Have You Been Using Your Drip Coffee Maker Correctly?
The drip coffee machine has been a staple on kitchen counters for decades. While coffee lovers are trying more coffee brewing methods than ever before, these classic coffee makers still comprise the largest portion of at home-brewed coffee. The process of making pot coffee might largely be second nature within your morning routine, but there are some common mistakes that you may not be aware of. There’s a good chance the coffee you’ve been drinking every morning can be much better than you think!
1. You’re Not Using the Right Amount of Coffee
This is probably the most common mistake I see with coffee. More often than not, I find people do not use enough coffee in their coffee makers. Also, while some falsely believe you can use the same amount of grounds to brew more coffee, the science there simply doesn’t work. My suggestion to ensure you’re using the correct amount of coffee is to measure precisely. Trade out the standard dinner spoon for a much more accurate tablespoon measure or coffee scoop, or ideally, measure based on weight (with a scale) instead of volume. This in and of itself can completely change your morning coffee experience. I recommend starting with a ratio of 7-8g (1Tbsp) coffee to every 112g (4oz) water and tweak to your personal preference from there.

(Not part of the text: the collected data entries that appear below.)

(* Let $\{\tau_n\}_{n\ge1}$ be a nonnegative sequence and $\{a_n\}_{n\ge1}$ a non-decreasing strictly positive sequence. Suppose there are finite real constants $\theta\ge1$, $C>0$ and $N\ge2$ such that for all $n\ge N$, $$\frac{a_n^{2\theta}}{n^{\theta-1}}\sum_{k=n}^\infty\frac{k^\theta\tau_k}{a_k^{2\theta}}\le C\sum_{k=1}^{n-1}k\tau_k,$$ and $$\liminf_{n\to\infty}\inf_{k\ge n}\frac{a_k^2}{ka_n^2}\sum_{j=1}^{n-1}j\tau_j>0.$$ Then every random variable $X_1$ satisfying $\sum_{n=1}^\infty n\tau_nP(|X_1|\ge\varepsilon a_n)<\infty$ for all $\varepsilon>0$ also satisfies $\sum_{n=1}^\infty\tau_n e^{-\varepsilon^2a_n^2/(nT_{\varepsilon,n})}<\infty$ for all $\varepsilon>0$, where $T_{\varepsilon,n}=E[X_1^21_{\{|X_1|<\varepsilon a_n\}}]$ and $e^{-t/0}=0$ for $t>0$.
   Context: ''Positive'' means nonnegative; ''increasing'' means non-decreasing. *)

From HB Require Import structures.
From mathcomp Require Import all_boot all_order all_algebra.
From mathcomp Require Import all_classical all_reals all_analysis.
Set Implicit Arguments. Unset Strict Implicit. Unset Printing Implicit Defensive.
Import Order.TTheory GRing.Theory Num.Theory.
Local Open Scope ring_scope.

Definition exp_neg_div {R : realType} (t s : R) : R :=
  if s == 0 then 0 else expR (- (t / s)).

From HB Require Import structures.
From mathcomp Require Import all_boot all_order all_algebra.
From mathcomp Require Import all_classical all_reals all_analysis measurable_realfun.
From mathcomp Require Import ring lra.
Import Order.TTheory GRing.Theory Num.Theory.
Set Implicit Arguments. Unset Strict Implicit. Unset Printing Implicit Defensive.
Local Open Scope classical_set_scope.
Local Open Scope ring_scope.

(* Put b_n = eps a_n, T_n = E[X^2; |X| < b_n] and G_n = P(|X| >= b_n); both
   hypotheses on (a_n) are invariant under scaling, so they hold for (b_n).
   Raising the truncation level from b_k to b_(k+1) increases T by at most
   b_(k+1)^2 (G_k - G_(k+1)).  Weighting these increments by the growth
   condition and summing by parts against sum_n n tau_n G_n < oo gives
   n T_n = O(b_n^2).  Since e^(-1/y) <= (theta y)^theta, the n-th term of the
   series is at most theta^theta n^theta tau_n T_n^theta / b_n^(2 theta).
   Expanding T_n^theta along the increments of T (by convexity of
   t |-> t^theta) and exchanging the order of summation, the tail condition
   bounds the series by a multiple of sum_k S_(k+1) (G_k - G_(k+1)), where
   S_k = sum_(j<k) j tau_j, which the same summation by parts controls. *)

Section power_inequalities.
Variable R : realType.
Implicit Types x y s t th : R.

Lemma powRV x th : 0 < x -> (x^-1) `^ th = (x `^ th)^-1.
Proof.
move=> x_gt0; apply: (mulIf (lt0r_neq0 (powR_gt0 th x_gt0))).
by rewrite -powRM ?invr_ge0 ?ltW // mulVf ?gt_eqF // powR1 mulVf ?gt_eqF ?powR_gt0.
Qed.

Lemma powR_sqr x th : 0 <= x -> (x ^+ 2) `^ th = x `^ (2 * th).
Proof. by move=> x_ge0; rewrite powRrM -powR_mulrn. Qed.

Lemma powR_sub_le th x y : 1 <= th -> 0 <= y -> y <= x ->
  x `^ th - y `^ th <= th * x `^ (th - 1) * (x - y).
Proof.
move=> th_ge1 y_ge0 yx; have x_ge0 := le_trans y_ge0 yx.
have th_gt0 : 0 < th by apply: lt_le_trans th_ge1.
have [->|th_neq1] := eqVneq th 1; first by rewrite subrr powRr0 !powRr1 // !mul1r.
have th1_gt0 : 0 < th - 1 by rewrite subr_gt0 lt_neqAle eq_sym th_neq1.
pose q := th / (th - 1).
have conj_q : th^-1 + q^-1 = 1.
  by rewrite invf_div; field; rewrite gt_eqF.
(* Young's inequality for [y * x^(th-1)] with the conjugate exponents [th] and [q] *)
have := conjugate_powR y_ge0 (powR_ge0 x (th - 1)) th_gt0 (divr_gt0 th_gt0 th1_gt0) conj_q.
have -> : (x `^ (th - 1)) `^ q = x `^ th by rewrite -powRrM /q mulrC divfK ?gt_eqF.
rewrite /q invf_div => young.
have xth : x `^ th = x * x `^ (th - 1) by rewrite mulr_powRB1.
have -> : th * x `^ (th - 1) * (x - y) = th * x `^ th - th * (y * x `^ (th - 1)).
  by rewrite xth; ring.
have : th * (y * x `^ (th - 1)) <= y `^ th + (th - 1) * x `^ th.
  apply: le_trans (ler_wpM2l (ltW th_gt0) young) _.
  by rewrite le_eqVlt; apply/predU1P; left; field; rewrite gt_eqF.
nra.
Qed.

Lemma exp_neg_div_ge0 t s : 0 <= exp_neg_div t s.
Proof. by rewrite /exp_neg_div; case: ifP => // _; exact: expR_ge0. Qed.

Lemma exp_neg_div_le1 t s : 0 <= t -> 0 <= s -> exp_neg_div t s <= 1.
Proof.
move=> t_ge0 s_ge0; rewrite /exp_neg_div; case: ifP => // _.
by rewrite expR_le1 oppr_le0 divr_ge0.
Qed.

Lemma exp_neg_div_le_powR t s th : 0 < t -> 0 <= s -> 0 < th ->
  exp_neg_div t s <= (th * s / t) `^ th.
Proof.
rewrite /exp_neg_div => t_gt0 s_ge0 th_gt0; case: eqVneq => [_|s_neq0]; first exact: powR_ge0.
have s_gt0 : 0 < s by rewrite lt0r s_neq0.
have z_gt0 : 0 < th * s / t by rewrite !mulr_gt0 ?invr_gt0.
have iz_gt0 : 0 < (th * s / t)^-1 by rewrite invr_gt0.
rewrite /powR gt_eqF // ler_expR.
(* [ln z < z] at [z = t / (th * s)] *)
have := ln_sublinear iz_gt0; rewrite lnV ?posrE // invf_div => ln_lt.
have -> : - (t / s) = th * - (t / (th * s)) by field; rewrite ?gt_eqF.
by rewrite ler_pM2l // lerNl ltW.
Qed.

End power_inequalities.

Section summation.
Variable R : comPzRingType.
Implicit Types S s G u w : nat -> R.

Lemma summation_by_parts S s G m M : (forall k, S k.+1 = S k + s k) -> (m <= M)%N ->
  \sum_(m <= k < M) S k.+1 * (G k - G k.+1) =
  S m * G m - S M * G M + \sum_(m <= k < M) s k * G k.
Proof.
move=> S_succ; elim: M => [|M IH].
  by rewrite leqn0 => /eqP ->; rewrite !big_geq // subrr addr0.
rewrite leq_eqVlt => /orP[/eqP <-|mM]; first by rewrite !big_geq // subrr addr0.
by rewrite !big_nat_recr //= IH // S_succ; ring.
Qed.

Lemma exchange_triangular_sum w u m M :
  \sum_(m <= n < M) w n * \sum_(m <= k < n) u k =
  \sum_(m <= k < M) u k * \sum_(k.+1 <= n < M) w n.
Proof.
elim: M => [|M IH]; first by rewrite !big_geq.
have [mM|Mm] := leqP m M; last by rewrite !big_geq.
rewrite big_nat_recr //= IH [in RHS]big_nat_recr //= [in X in _ = _ + X]big_geq // mulr0 addr0.
rewrite mulr_sumr -big_split /=; apply: eq_big_nat => k /andP[_ kM].
by rewrite big_nat_recr //=; ring.
Qed.

End summation.

Lemma telescope_ler (R : numDomainType) (f g : nat -> R) m n : (m <= n)%N ->
  (forall k, (m <= k < n)%N -> f k.+1 - f k <= g k) ->
  f n <= f m + \sum_(m <= k < n) g k.
Proof. by move=> mn fg; rewrite -lerBlDl -telescope_sumr //; exact: ler_sum_nat. Qed.

Section extended_real_sequences.
Variable R : realType.

Lemma limn_einf_gt0_lbound (f : nat -> nat -> R) :
  (0 < limn_einf (fun n => ereal_inf [set (f n k)%:E | k in [set k | (n <= k)%N]]))%E ->
  exists c, exists n0, 0 < c /\ forall n k, (n0 <= n)%N -> (n <= k)%N -> c <= f n k.
Proof.
set v := fun n => _; rewrite limn_einf_lim (cvg_lim _ (@cvg_einfs_sup _ v)) //.
move=> /ereal_sup_gt[_ [n0 _ <-] inf_gt0].
have [c [c_gt0 c_le]] : exists c, 0 < c /\ (c%:E <= einfs v n0)%E.
  move: inf_gt0; case: (einfs v n0) => [r||] //= r_gt0; last by exists 1; rewrite leey.
  by exists r; rewrite -lte_fin.
exists c, n0; split=> // n k n0n nk; rewrite -lee_fin (le_trans c_le) //.
apply: le_trans (_ : v n <= _)%E; first by apply: ereal_inf_lbound; exists n.
by apply: ereal_inf_lbound; exists k.
Qed.

Lemma nneseries_partial_le (f : nat -> R) n M : (forall k, (n <= k)%N -> 0 <= f k) ->
  ((\sum_(n <= k < M) f k)%:E <= \sum_(n <= k <oo) (f k)%:E)%E.
Proof.
by move=> f_ge0; rewrite -sumEFin; apply: nneseries_lim_ge => k nk _; rewrite lee_fin f_ge0.
Qed.

End extended_real_sequences.

Definition ktau_sum {R : pzSemiRingType} (tau : nat -> R) n := \sum_(1 <= k < n) k%:R * tau k.

Lemma ktau_sumS {R : pzSemiRingType} (tau : nat -> R) n :
  ktau_sum tau n.+1 = ktau_sum tau n + n%:R * tau n.
Proof.
case: n => [|n]; first by rewrite /ktau_sum !big_geq // mul0r addr0.
by rewrite /ktau_sum big_nat_recr.
Qed.

Lemma ktau_sum_ge0 {R : numDomainType} (tau : nat -> R) n :
  (forall k, (0 < k)%N -> 0 <= tau k) -> 0 <= ktau_sum tau n.
Proof.
move=> tau_ge0; rewrite /ktau_sum big_nat_cond sumr_ge0 // => k /andP[/andP[k_gt0 _] _].
by rewrite mulr_ge0 ?tau_ge0.
Qed.

Section deterministic_bound.
Variable R : realType.
Variables (tau b T G : nat -> R) (th C c L : R) (m : nat).
Hypotheses (m_gt0 : (0 < m)%N) (th_ge1 : 1 <= th) (C_ge0 : 0 <= C) (c_gt0 : 0 < c).
Hypothesis tau_ge0 : forall n, (0 < n)%N -> 0 <= tau n.
Hypothesis b_gt0 : forall n, (0 < n)%N -> 0 < b n.
Hypotheses (T_ge0 : forall n, 0 <= T n) (G_ge0 : forall n, 0 <= G n).
Hypothesis T_nondecr : forall k, (m <= k)%N -> T k <= T k.+1.
Hypothesis G_nonincr : forall k, (m <= k)%N -> G k.+1 <= G k.
Hypothesis T_increment :
  forall k, (m <= k)%N -> T k.+1 - T k <= b k.+1 ^+ 2 * (G k - G k.+1).
Hypothesis weighted_G_bounded : forall M, \sum_(1 <= n < M) n%:R * tau n * G n <= L.
Hypothesis tail_cond : forall n M, (m <= n)%N ->
  b n `^ (2 * th) / n%:R `^ (th - 1) *
    \sum_(n <= k < M) (k%:R `^ th * tau k / b k `^ (2 * th)) <= C * ktau_sum tau n.
Hypothesis growth_cond : forall n k, (m <= n)%N -> (n <= k)%N ->
  c <= b k ^+ 2 / (k%:R * b n ^+ 2) * ktau_sum tau n.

2. Using Low Quality Tap Water
Coffee is almost entirely water which makes it one of the most critical components of your overall cup. In short, not all water should be treated as equal. To get the best tasting coffee, you must use filtered water, and doing so will also ensure the longevity of your coffee maker. If you’ve been using tap water in your coffee maker for years and wonder why your coffee always tastes a bit off, there’s a very good chance that the inside of your coffee machine is filled with mineral buildup from hard water. Those mineral deposits in the machine will greatly change the taste of your coffee and will ultimately lead to a broken machine.
3. Coffee Grind Size is Off
I can’t tell you the amount of times I’ve seen people use finely ground coffee beans, that should be reserved for espresso or even Turkish coffee, in their drip coffee brewer. The general rule of thumb for this method is medium coarseness. The ground coffee should resemble normal sand. If yours resembles table salt that’s too fine, and if it resembles sea salt that’s too coarse. If you must buy pre-ground coffee for your machine, make sure the grind size is right for the brew method. If you’re grinding whole bean coffee at home - the highly preferred option- you have complete control over getting this just right.
4. Your Coffee Machine Needs a Clean
Just like any piece of kitchen equipment, your coffee machine needs a deep clean on a regular basis. If you don’t scrub out the coffee pot or any components the coffee touches, there is a good chance that you’re tasting the funk left over from previous coffee brews. Long story short, stay on top of cleaning your coffee machine in regular intervals to make sure the remnants of your old coffee don’t make their way into your new brew.
5. Your Equipment Needs an Upgrade
It’s not uncommon to see a low-cost drip coffee maker used for years and years. While I don’t want to encourage anyone to discard functioning equipment, it’s important to make sure your coffee maker is doing what it should. Many of these coffee machines do a very poor job of regulating temperature throughout the brewing process, which can negatively impact the resulting coffee. Additionally, with larger drip coffee makers, you’ll often make much more coffee than you actually need at that moment. Whether that brewed coffee ends up in the sink or sitting on the burner for hours until you can finish it off, both are less than ideal. At the end of the day, good coffee paired with attention to detail can only do so much if the coffee machine itself is not up to par. Is it time to donate or recycle that old coffee brewer and trade up?